PROMPT → Nothing outside the range below should be printed. Output exactly the lines from the line with "as $\phi_\epsilon(g)$. *)" to the line with "Definition unif_mean_op (T", both included.

Stored items
(* Let $O=(|H\rangle\langle H|)^{\otimes n}$ with $|H\rangle=\frac1{\sqrt2}(|0\rangle+e^{i\pi/4}|1\rangle)$, and consider shadow estimation with uniform sampling from the local Clifford group $\mathrm{Cl}_1^{\times n}$. There exist an $n$-qubit state $\rho$ and quantum channels $\Lambda(g)$, $g\in\mathrm{Cl}_1^{\times n}$, such that for the implementation maps $\phi_\epsilon(g)=(1-\epsilon)\omega(g)+\epsilon\,\omega(g)\Lambda(g)$, $\epsilon\in[0,1]$, the bias satisfies $\mathrm{bias}=\kappa\,\epsilon$, where $\kappa$ does not depend on $\epsilon$ and $\kappa\in\Omega(d^{1/4})$ as $n\to\infty$.
   Context: $d=2^n$; $(A|B)=\mathrm{Tr}(A^\dagger B)$; $\omega(g)(A)=gAg^\dagger$ with adjoint $\omega(g)^\dagger(A)=g^\dagger Ag$. $E_x=|x\rangle\langle x|$, $M=\sum_{x\in\mathbb{F}_2^n}|E_x)(E_x|$ where $|A)(B|$ is $C\mapsto (B|C)A$. The local Clifford group is $\mathrm{Cl}_1^{\times n}=\{g_1\otimes\cdots\otimes g_n:g_i\in\mathrm{Cl}_1\}$ with $\mathrm{Cl}_1$ the single-qubit Clifford group. The ideal frame operator is $S=\mathbb{E}_g[\omega(g)^\dagger M\omega(g)]$ and the noisy one $\tilde S_\epsilon=\mathbb{E}_g[\omega(g)^\dagger M\phi_\epsilon(g)]$, $g$ uniform on $\mathrm{Cl}_1^{\times n}$. The bias is $\mathrm{bias}=|\mathrm{Tr}(O\rho)-(O|S^{-1}\tilde S_\epsilon|\rho)|$, i.e. the deviation of the expectation of the shadow estimator $\hat o(g,x)=(O|S^{-1}\omega(g)^\dagger|E_x)$ from the true value when gate $g$ is implemented as $\phi_\epsilon(g)$. *)

From HB Require Import structures.
From mathcomp Require Import all_boot all_order all_algebra all_field.
Set Implicit Arguments. Unset Strict Implicit. Unset Printing Implicit Defensive.
Import Order.TTheory GRing.Theory Num.Theory.
Local Open Scope ring_scope.

Definition hadj (m k : nat) (A : 'M[algC]_(m, k)) : 'M[algC]_(k, m) :=
  (map_mx (fun z : algC => z^*) A)^T.

Definition hs (m : nat) (A B : 'M[algC]_m) : algC := \tr (hadj A *m B).

Definition psd (m : nat) (A : 'M[algC]_m) : Prop :=
  hadj A = A /\ forall v : 'cV[algC]_m, 0 <= (hadj v *m A *m v) 0 0.

Definition is_state (m : nat) (rho : 'M[algC]_m) : Prop :=
  psd rho /\ \tr rho = 1.

Definition is_channel (m : nat) (L : 'M[algC]_m -> 'M[algC]_m) : Prop :=
  exists (r : nat) (K : 'I_r -> 'M[algC]_m),
    \sum_(i < r) hadj (K i) *m K i = 1%:M /\
    forall A, L A = \sum_(i < r) K i *m A *m hadj (K i).

(* superoperators are maps 'M_m -> 'M_m; inverse through the matrix of the
   linear map (lin_mx: mxvec A *m lin_mx F = mxvec (F A)) *)
Definition sinv (m : nat) (F : 'M[algC]_m -> 'M[algC]_m) :
    'M[algC]_m -> 'M[algC]_m :=
  fun A => vec_mx (mxvec A *m invmx (lin_mx F)).

Definition unif_mean (T : finType) (f : T -> algC) : algC :=
  #|T|%:R^-1 * \sum_(t : T) f t.
Definition unif_mean_op (T : finType) (m : nat)
    (f : T -> 'M[algC]_m -> 'M[algC]_m) : 'M[algC]_m -> 'M[algC]_m :=
  fun A => #|T|%:R^-1 *: \sum_(t : T) f t A.

(* the computational basis index x : 'I_(2^n) is identified with the bit string
   in F_2^n whose i-th bit is bit x i *)
Definition bit (n : nat) (x : 'I_(2 ^ n)) (i : 'I_n) : 'I_2 :=
  inord (odd (x %/ 2 ^ i)).

(* n-fold tensor product A_0 (x) ... (x) A_{n-1} of one-qubit operators *)
Definition ntens (n : nat) (A : 'I_n -> 'M[algC]_2) : 'M[algC]_(2 ^ n) :=
  \matrix_(x, y) \prod_(i < n) A i (bit x i) (bit y i).

Definition Ebas (n : nat) (x : 'I_(2 ^ n)) : 'M[algC]_(2 ^ n) := delta_mx x x.

Definition Mmeas (n : nat) (A : 'M[algC]_(2 ^ n)) : 'M[algC]_(2 ^ n) :=
  \sum_(x < 2 ^ n) hs (Ebas x) A *: Ebas x.

Definition isq2 : algC := (sqrtC 2)^-1.
Definition PauliI : 'M[algC]_2 := 1%:M.
Definition PauliX : 'M[algC]_2 := \matrix_(i, j) (if i != j then 1 else 0).
Definition PauliZ : 'M[algC]_2 :=
  \matrix_(i, j) (if i == j then (if i == 0 then 1 else -1) else 0).
Definition PauliY : 'M[algC]_2 := 'i *: (PauliX *m PauliZ).
Definition Hgate : 'M[algC]_2 :=
  \matrix_(i, j) (if (i == 1) && (j == 1) then - isq2 else isq2).
Definition Sgate : 'M[algC]_2 :=
  \matrix_(i, j) (if i == j then (if i == 0 then 1 else 'i) else 0).

(* the 6 representatives of the action on the Pauli axes *)
Definition cl_perm (a : 'I_6) : 'M[algC]_2 :=
  match val a with
  | 0 => 1%:M
  | 1 => Hgate
  | 2 => Sgate
  | 3 => Hgate *m Sgate
  | 4 => Sgate *m Hgate
  | _ => Hgate *m Sgate *m Hgate
  end.
Definition pauli (b : 'I_4) : 'M[algC]_2 :=
  match val b with
  | 0 => PauliI | 1 => PauliX | 2 => PauliY | _ => PauliZ
  end.

(* Cl_1 (modulo phases, which do not affect omega(g)) has the 24 elements
   P_b C_a, a : 'I_6, b : 'I_4 *)
Definition Cl1 : finType := ('I_6 * 'I_4)%type.
Definition cl1_mx (g : Cl1) : 'M[algC]_2 := pauli g.2 *m cl_perm g.1.

Definition LCl (n : nat) : finType := {ffun 'I_n -> Cl1}.
Definition lcl_mx (n : nat) (g : LCl n) : 'M[algC]_(2 ^ n) :=
  ntens (fun i => cl1_mx (g i)).

Definition omega (n : nat) (g : LCl n) (A : 'M[algC]_(2 ^ n)) :=
  lcl_mx g *m A *m hadj (lcl_mx g).
Definition omega_adj (n : nat) (g : LCl n) (A : 'M[algC]_(2 ^ n)) :=
  hadj (lcl_mx g) *m A *m lcl_mx g.

Definition frameS (n : nat) : 'M[algC]_(2 ^ n) -> 'M[algC]_(2 ^ n) :=
  unif_mean_op (fun g : LCl n => fun A => omega_adj g (Mmeas (omega g A))).

Definition phi_eps (n : nat) (Lam : LCl n -> 'M[algC]_(2 ^ n) -> 'M[algC]_(2 ^ n))
    (eps : algC) (g : LCl n) (A : 'M[algC]_(2 ^ n)) : 'M[algC]_(2 ^ n) :=
  (1 - eps) *: omega g A + eps *: omega g (Lam g A).

Definition frameS_noisy (n : nat)
    (Lam : LCl n -> 'M[algC]_(2 ^ n) -> 'M[algC]_(2 ^ n)) (eps : algC) :
    'M[algC]_(2 ^ n) -> 'M[algC]_(2 ^ n) :=
  unif_mean_op (fun g : LCl n => fun A => omega_adj g (Mmeas (phi_eps Lam eps g A))).

Definition bias (n : nat) (O rho : 'M[algC]_(2 ^ n))
    (Lam : LCl n -> 'M[algC]_(2 ^ n) -> 'M[algC]_(2 ^ n)) (eps : algC) : algC :=
  `| \tr (O *m rho) - hs O (sinv (@frameS n) (frameS_noisy Lam eps rho)) |.

(* |H> = (|0> + e^{i pi/4} |1>)/sqrt 2, with e^{i pi/4} = (1 + i)/sqrt 2 *)
Definition ketH : 'cV[algC]_2 :=
  \col_i (if i == 0 then isq2 else isq2 * ((1 + 'i) * isq2)).
Definition projH : 'M[algC]_2 := ketH *m hadj ketH.
Definition Obs (n : nat) : 'M[algC]_(2 ^ n) := ntens (fun _ => projH).

From HB Require Import structures.
From mathcomp Require Import all_boot all_order all_algebra all_field.
From mathcomp Require Import ring.
Set Implicit Arguments. Unset Strict Implicit. Unset Printing Implicit Defensive.
Import Order.TTheory GRing.Theory Num.Theory.
Local Open Scope ring_scope.

(* Take rho = |0...0><0...0| and let the noise Lambda(g) discard its input and
   prepare g^dagger |x_g><x_g| g, a product state, so that the faulty gate
   omega(g) Lambda(g) always yields the outcome x_g.  The frame operator of the
   local Clifford group is the n-th tensor power of the single-qubit
   depolarizing map X |-> (X + tr X I)/3, so S^{-1} is the tensor power of
   X |-> 3X - tr X I.  As S~_eps = (1 - eps) S + eps D with D rho a product
   state, the bias is eps |Tr(O rho) - (O|S^{-1} D rho)| = eps |2^-n - q^n|,
   where q = (1 + sqrt 2)/2 is the single-qubit factor obtained when x_g is the
   more likely outcome of g|H>.  Since q^4 >= 2, kappa >= d^(1/4)/2.  The
   single-qubit identities are checked by exact computation in Q(i, sqrt 2). *)

(** * Matrix preliminaries *)

Lemma hadjM m k p (A : 'M[algC]_(m, k)) (B : 'M[algC]_(k, p)) :
  hadj (A *m B) = hadj B *m hadj A.
Proof.
apply/matrixP => i j; rewrite !mxE rmorph_sum; apply: eq_bigr => l _.
by rewrite !mxE rmorphM mulrC.
Qed.

Lemma hadj_delta m k (i : 'I_m) (j : 'I_k) : hadj (delta_mx i j) = delta_mx j i.
Proof. by apply/matrixP => a b; rewrite !mxE conjC_nat andbC. Qed.

Lemma hadjK m k (A : 'M[algC]_(m, k)) : hadj (hadj A) = A.
Proof. by apply/matrixP => i j; rewrite !mxE conjCK. Qed.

SOLUTION →
   Context: $d=2^n$; $(A|B)=\mathrm{Tr}(A^\dagger B)$; $\omega(g)(A)=gAg^\dagger$ with adjoint $\omega(g)^\dagger(A)=g^\dagger Ag$. $E_x=|x\rangle\langle x|$, $M=\sum_{x\in\mathbb{F}_2^n}|E_x)(E_x|$ where $|A)(B|$ is $C\mapsto (B|C)A$. The local Clifford group is $\mathrm{Cl}_1^{\times n}=\{g_1\otimes\cdots\otimes g_n:g_i\in\mathrm{Cl}_1\}$ with $\mathrm{Cl}_1$ the single-qubit Clifford group. The ideal frame operator is $S=\mathbb{E}_g[\omega(g)^\dagger M\omega(g)]$ and the noisy one $\tilde S_\epsilon=\mathbb{E}_g[\omega(g)^\dagger M\phi_\epsilon(g)]$, $g$ uniform on $\mathrm{Cl}_1^{\times n}$. The bias is $\mathrm{bias}=|\mathrm{Tr}(O\rho)-(O|S^{-1}\tilde S_\epsilon|\rho)|$, i.e. the deviation of the expectation of the shadow estimator $\hat o(g,x)=(O|S^{-1}\omega(g)^\dagger|E_x)$ from the true value when gate $g$ is implemented as $\phi_\epsilon(g)$. *)

From HB Require Import structures.
From mathcomp Require Import all_boot all_order all_algebra all_field.
Set Implicit Arguments. Unset Strict Implicit. Unset Printing Implicit Defensive.
Import Order.TTheory GRing.Theory Num.Theory.
Local Open Scope ring_scope.

Definition hadj (m k : nat) (A : 'M[algC]_(m, k)) : 'M[algC]_(k, m) :=
  (map_mx (fun z : algC => z^*) A)^T.

Definition hs (m : nat) (A B : 'M[algC]_m) : algC := \tr (hadj A *m B).

Definition psd (m : nat) (A : 'M[algC]_m) : Prop :=
  hadj A = A /\ forall v : 'cV[algC]_m, 0 <= (hadj v *m A *m v) 0 0.

Definition is_state (m : nat) (rho : 'M[algC]_m) : Prop :=
  psd rho /\ \tr rho = 1.

Definition is_channel (m : nat) (L : 'M[algC]_m -> 'M[algC]_m) : Prop :=
  exists (r : nat) (K : 'I_r -> 'M[algC]_m),
    \sum_(i < r) hadj (K i) *m K i = 1%:M /\
    forall A, L A = \sum_(i < r) K i *m A *m hadj (K i).

(* superoperators are maps 'M_m -> 'M_m; inverse through the matrix of the
   linear map (lin_mx: mxvec A *m lin_mx F = mxvec (F A)) *)
Definition sinv (m : nat) (F : 'M[algC]_m -> 'M[algC]_m) :
    'M[algC]_m -> 'M[algC]_m :=
  fun A => vec_mx (mxvec A *m invmx (lin_mx F)).

Definition unif_mean (T : finType) (f : T -> algC) : algC :=
  #|T|%:R^-1 * \sum_(t : T) f t.
Definition unif_mean_op (T : finType) (m : nat)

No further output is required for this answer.